Searching for a Solution: A Case Report on Multifocal Ectopic Purkinje-Related Premature Contractions Syndrome

Abstract

Multifocal ectopic Purkinje-related premature contractions (MEPPC) syndrome is a recently recognized rare form of arrhythmia involving the entire His–Purkinje system and often coinciding with dilated cardiomyopathy (DCM). Certain variants in the SCN5A gene may be linked to MEPPC syndrome. We present a case of a 32-year-old Caucasian female who exhibited a high burden of premature ventricular contractions (PVCs) and non-sustained episodes of ventricular tachycardia (NSVT) with an alternating QRS pattern, and who was resistant to traditional medical therapy and radiofrequency catheter ablation (RFCA), necessitating implantation of a cardioverter-defibrillator (ICD). A positive family history (father’s death at the age of 40 years) and the rapid deterioration of left ventricular function parameters echocardiographically during recurrent arrhythmic episodes raised concern about a potentially complex disease scenario. Genetic testing revealed a heterozygous variant of the SCN5A gene, c.2440C>T, p.(Arg814Trp), confirming the diagnosis of MEPPC syndrome. Treatment with a combination of class I antiarrhythmic drugs, flecainide and mexiletine, concomitant with beta blockers, led to symptomatic improvement, a reduction of PVCs (from 66 491 (44%) to 858 (1%)), and the restoration of left ventricular function (LV EF from 44% to 53%). A lack of defined diagnostic criteria hampers timely diagnosis, leading to ineffective interventions and delayed initiation of treatment with antiarrhythmic drugs. MEPPC patients remain at significant risk for severe heart failure and sudden cardiac death. Our clinical case report underscores the importance of accurate and timely diagnosis, which allows effective treatment with a combination of antiarrhythmic drugs and mitigates the risk associated with MEPPC syndrome.

1. Introduction

MEPPC syndrome is a very rare complex electrical disorder characterized by a high burden of frequent multifocal ectopic activity originating from the entire His–Purkinje system and is often accompanied by dilated cardiomyopathy [1]. Typical syndrome presentation is polymorphic premature ventricular contractions with relatively narrow QRS interval, accompanied by the patient’s complaints of palpitations, physical exercise intolerance, or syncope.

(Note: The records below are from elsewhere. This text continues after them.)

Lemma gconj_Wgate_sZ t : gconj (Wgate R t) (sZ R) =
  fun a b => (cos_dbl t)%:C * sZ R a b + (- sin_dbl t)%:C * sX R a b.
Proof.
apply/funext => a; apply/funext => b.
rewrite /gconj /gmul gadj_Wgate !big_bool /= !WgateE /sZ /sX /cos_dbl /sin_dbl.
by rewrite rmorphN rmorphMn rmorphB !rmorphM; case: a; case: b => /=; ring.
Qed.

Lemma gconj_Wgate_sX t : gconj (Wgate R t) (sX R) =
  fun a b => (sin_dbl t)%:C * sZ R a b + (cos_dbl t)%:C * sX R a b.
Proof.
apply/funext => a; apply/funext => b.
rewrite /gconj /gmul gadj_Wgate !big_bool /= !WgateE /sZ /sX /cos_dbl /sin_dbl.
by rewrite rmorphMn rmorphB !rmorphM; case: a; case: b => /=; ring.
Qed.

End Gates.

Section Operators.
Context {R : realType} {n : nat}.

Definition vapply (A : op R n) (v : basis n -> R[i]) : basis n -> R[i] :=
  fun x => \sum_z A x z * v z.
Definition expval (T : op R n) (v : basis n -> R[i]) : R[i] :=
  \sum_x \sum_y (v x)^* * T x y * v y.
Definition diagop (d : basis n -> R[i]) : op R n := fun x y => (x == y)%:R * d x.
Definition diag_unitary (D : op R n) :=
  exists2 d, (forall x, (d x)^* * d x = 1) & D = diagop d.

Lemma vapply_id v : vapply (opid R n) v = v.
Proof. by apply/funext => x; rewrite /vapply /opid sum_delta_l. Qed.

Lemma vapply_mul A B v : vapply (opmul R n A B) v = vapply A (vapply B v).
Proof.
apply/funext => x; rewrite /vapply /opmul.
under eq_bigr do rewrite mulr_suml.
rewrite exchange_big; apply: eq_bigr => w _.
by rewrite mulr_sumr; apply: eq_bigr => z _; rewrite mulrA.
Qed.

Lemma expval_vapply T A v :
  expval T (vapply A v) = expval (opmul R n (opadj R n A) (opmul R n T A)) v.
Proof.
rewrite /expval /vapply /opmul /opadj.
pose F x y z w := (v z)^* * ((A x z)^* * (T x y * A y w)) * v w.
transitivity (\sum_x \sum_y \sum_z \sum_w F x y z w).
  apply: eq_bigr => x _; apply: eq_bigr => y _.
  rewrite rmorph_sum !mulr_suml; apply: eq_bigr => z _.
  by rewrite !mulr_sumr; apply: eq_bigr => w _; rewrite rmorphM /F; ring.
transitivity (\sum_z \sum_w \sum_x \sum_y F x y z w); last first.
  apply: eq_bigr => z _; apply: eq_bigr => w _.
  rewrite mulr_sumr mulr_suml; apply: eq_bigr => x _.
  by rewrite !mulr_sumr mulr_suml; apply: eq_bigr => y _; rewrite /F mulrA.
transitivity (\sum_x \sum_z \sum_w \sum_y F x y z w).
  by apply: eq_bigr => x _; rewrite exchange_big; apply: eq_bigr => z _; exact: exchange_big.
by rewrite exchange_big; apply: eq_bigr => z _; exact: exchange_big.
Qed.

Lemma expval_comb (a b : R[i]) T1 T2 v :
  expval (fun x y => a * T1 x y + b * T2 x y) v = a * expval T1 v + b * expval T2 v.
Proof.
rewrite /expval !mulr_sumr -big_split; apply: eq_bigr => x _.
by rewrite !mulr_sumr -big_split; apply: eq_bigr => y _ /=; ring.
Qed.

Lemma tens_mul (F G : 'I_n -> gate1 R) :
  opmul R n (tens R n F) (tens R n G) = tens R n (fun k => gmul (F k) (G k)).
Proof.
apply/funext => x; apply/funext => y; rewrite /opmul /tens /gmul.
by rewrite bigA_distr_bigA /=; apply: eq_bigr => z _; rewrite -big_split.
Qed.

Lemma tens_adj (F : 'I_n -> gate1 R) :
  opadj R n (tens R n F) = tens R n (fun k => gadj (F k)).
Proof. by apply/funext => x; apply/funext => y; rewrite /opadj /tens rmorph_prod. Qed.

Lemma prod_eq_basis (x y : basis n) :
  \prod_k ((x k == y k)%:R : R[i]) = (x == y)%:R.
Proof.
have [->|nxy] := eqVneq x y; first by rewrite big1 // => k _; rewrite eqxx.
have [k /negbTE kxy] : exists k, x k != y k.
  apply/existsP; rewrite -negb_forall; apply: contra nxy => /forallP xy.
  by apply/eqP/ffunP => k; exact/eqP.
by rewrite (bigD1 k) //= kxy mul0r.
Qed.

Lemma tens_diag (G : 'I_n -> gate1 R) : (forall k, gate_diag (G k)) ->
  tens R n G = diagop (fun x => \prod_k G k (x k) (x k)).
Proof.
move=> Gd; apply/funext => x; apply/funext => y; rewrite /tens /diagop.
rewrite (eq_bigr _ (fun k _ => Gd k (x k) (y k))).
by rewrite big_split /= prod_eq_basis.
Qed.

Lemma tens_sI : tens R n (fun _ => sI R) = opid R n.
Proof.
apply/funext => x; apply/funext => y.
by rewrite /tens /opid -prod_eq_basis.
Qed.

Lemma opid_diag : opid R n = diagop (fun _ => 1).
Proof.
rewrite -tens_sI tens_diag; last by move=> _; exact: sI_diag.
by congr diagop; apply/funext => x; rewrite big1 // => k _; rewrite /sI eqxx.
Qed.

Lemma vapply_diagop d v : vapply (diagop d) v = fun x => d x * v x.
Proof.
apply/funext => x; rewrite /vapply /diagop.
by under eq_bigr do rewrite -mulrA; rewrite sum_delta_l.
Qed.

Lemma expval_diagop d v : expval (diagop d) v = \sum_x (v x)^* * d x * v x.
Proof.
rewrite /expval /diagop; apply: eq_bigr => x _.
transitivity (\sum_y (x == y)%:R * ((v x)^* * d x * v y)).
  by apply: eq_bigr => y _; ring.
exact: sum_delta_l.
Qed.

Lemma expval_diag_unitary d D v : diag_unitary D ->
  expval (diagop d) (vapply D v) = expval (diagop d) v.
Proof.
case=> u uu ->; rewrite !expval_diagop vapply_diagop; apply: eq_bigr => x _.
transitivity ((u x)^* * u x * ((v x)^* * d x * v x)); last by rewrite uu mul1r.
by rewrite rmorphM; ring.
Qed.

Lemma diag_unitary_id : diag_unitary (opid R n).
Proof. by exists (fun _ => 1); [move=> x; rewrite rmorph1 mulr1 | exact: opid_diag]. Qed.

Lemma diag_unitary_mul A B :
  diag_unitary A -> diag_unitary B -> diag_unitary (opmul R n A B).
Proof.
move=> [d1 u1 ->] [d2 u2 ->]; exists (fun x => d1 x * d2 x).
  move=> x; transitivity ((d1 x)^* * d1 x * ((d2 x)^* * d2 x)).
    by rewrite rmorphM; ring.
  by rewrite u1 u2 mulr1.
apply/funext => x; apply/funext => y; rewrite /opmul /diagop.
transitivity (\sum_z (x == z)%:R * (d1 x * ((z == y)%:R * d2 z))).
  by apply: eq_bigr => z _; ring.
by rewrite sum_delta_l; ring.
Qed.

Lemma diag_unitary_foldr (T : eqType) (f : T -> op R n) D (l : seq T) :
  diag_unitary D -> (forall i, i \in l -> diag_unitary (f i)) ->
  diag_unitary (foldr (opmul R n) D (map f l)).
Proof.
move=> DU; elim: l => [|a l IH] //= fU.
apply: diag_unitary_mul; first by apply: fU; rewrite inE eqxx.
by apply: IH => i il; apply: fU; rewrite inE il orbT.
Qed.

Local Hint Resolve sI_diag sZ_diag proj0_diag proj1_diag : core.

Lemma CZ_diag_unitary a b : (0 < a <= n)%N -> b != a -> diag_unitary (CZ R n a b).
Proof.
case: a => [//|a] /= an ba; pose ka : 'I_n := Ordinal an.
have kaE (k : 'I_n) : (k.+1 == a.+1) = (k == ka) by [].
rewrite /CZ /onq !tens_diag => [|k|k]; try by do 2?case: ifP => _.
set d0 := fun x => _; set d1 := fun x => _.
exists (fun x => d0 x + d1 x); last first.
  by apply/funext => x; apply/funext => y; rewrite /opadd /diagop mulrDr.
move=> x.
pose s := \prod_(k < n | k != ka) (if k.+1 == b then sZ R else sI R) (x k) (x k).
have s_unit : s^* * s = 1.
  rewrite /s rmorph_prod -big_split big1 // => k _ /=.
  by case: ifP => _; case: (x k); rewrite /sZ /sI /= ?rmorphN ?rmorph1 ?mulrNN mulr1.
have -> : d0 x = (~~ x ka)%:R.
  rewrite /d0 (bigD1 ka) //= eqxx big1 ?mulr1 => [|k /negbTE kka].
    by rewrite /proj0; case: (x ka).
  by rewrite kaE kka /sI eqxx.
have -> : d1 x = (x ka)%:R * s.
  rewrite /d1 (bigD1 ka) //= eqxx; congr (_ * _); first by rewrite /proj1; case: (x ka).
  by apply: eq_bigr => k /negbTE kka; rewrite kaE kka.
by case: (x ka); rewrite /= ?mul1r ?add0r ?mul0r ?addr0 // rmorph1 mulr1.
Qed.

Lemma CZ1_diag_unitary : diag_unitary (CZ1 R n).
Proof.
apply: diag_unitary_foldr => [|i]; first exact: diag_unitary_id.
by rewrite mem_iota => iln; apply: CZ_diag_unitary; lia.
Qed.

Lemma CZ2_diag_unitary : (2 <= n)%N -> diag_unitary (CZ2 R n).
Proof.
move=> n2; rewrite /CZ2 /opprod foldr_rcons.
apply: diag_unitary_foldr => [|i].
  by apply: diag_unitary_mul (diag_unitary_id); apply: CZ_diag_unitary; lia.
by rewrite mem_iota => iln; apply: CZ_diag_unitary; lia.
Qed.

Lemma Vlayer_conj_onq b j q G :
  opmul R n (opadj R n (Vlayer R n b j)) (opmul R n (onq R n q G) (Vlayer R n b j)) =
  onq R n q (gconj (Wgate R (b j q)) G).
Proof.
rewrite /Vlayer /onq tens_adj !tens_mul; congr tens; apply/funext => k.
by case: eqP => [<- //|_]; exact: gconj_Wgate_sI.
Qed.

Lemma Vlayer_conj_opid b j :
  opmul R n (opadj R n (Vlayer R n b j)) (opmul R n (opid R n) (Vlayer R n b j)) =
  opid R n.
Proof.
rewrite -tens_sI /Vlayer tens_adj !tens_mul; congr tens.
by apply/funext => k; exact: gconj_Wgate_sI.
Qed.

Lemma onq_norm_le1 q G x y :
  (forall a c, `|G a c| <= 1) -> `|onq R n q G x y| <= 1.
Proof.
move=> G1; rewrite /onq /tens normr_prod; apply: prodr_ile1 => k _.
by rewrite normr_ge0; case: ifP => _; rewrite ?G1 ?sI_norm_le1.
Qed.

Definition sqnorm v := expval (opid R n) v.

Lemma sqnorm_entry_le1 v : sqnorm v = 1 -> forall x, `|v x| <= 1.
Proof.
rewrite /sqnorm opid_diag expval_diagop => v1 x.
have : `|v x| ^+ 2 <= 1.
  rewrite -v1 (bigD1 x) //= mulr1 mulrC -sqr_normc lerDl.
  by apply: sumr_ge0 => y _; rewrite mulr1 mulrC -sqr_normc exprn_ge0.
by rewrite expr_le1.
Qed.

In some cases, the first and the only presentation may be a sudden cardiac death [2]. Clinical symptoms frequently manifest at a young age. The incidence of the disease is not known due to its rare nature and potentially underdiagnosed status. Genetic research has identified specific gene mutations in the SCN5A gene, demonstrating an autosomal dominant inheritance pattern with almost complete penetrance [3]. However, the diagnosis of MEPPC is challenging due to the lack of clearly defined diagnostic criteria. Suspicion should arise when a high burden of polymorphic PVCs, typically with narrow QRS complexes or branch block patterns, is documented. These PVCs are accompanied by structural changes in the heart, in most cases ventricular dilation, as well as impaired left ventricular systolic function [4]. While catheter ablation, the standard treatment for PVC-induced cardiomyopathy, has limited efficacy in eradicating MEPPC-associated PVCs due to their diffuse origin within the Purkinje system, class 1 antiarrhythmic drugs (AADs), particularly flecainide and quinidine, have demonstrated advantageous effects in suppressing PVCs and potentially reversing DCM [5,6]. Despite this fact, MEPPC patients remain at significant risk for severe heart failure and sudden cardiac death [1]. Moreover, the clinical course of the disease may be aggravated by overlap syndromes characterized by mixed phenotypes, as mutations in voltage-gated sodium channels, particularly the NaV1.5 protein encoded by the SCN5A gene, have been associated with a number of conditions such as sick sinus syndrome, atrial standstill, atrial fibrillation, progressive and non-progressive cardiac conduction disease, Brugada syndrome, sudden infant cardiac death (SCD), long QT syndrome type 3 (LQTS3), and torsade de pointes ventricular tachycardia [7,8].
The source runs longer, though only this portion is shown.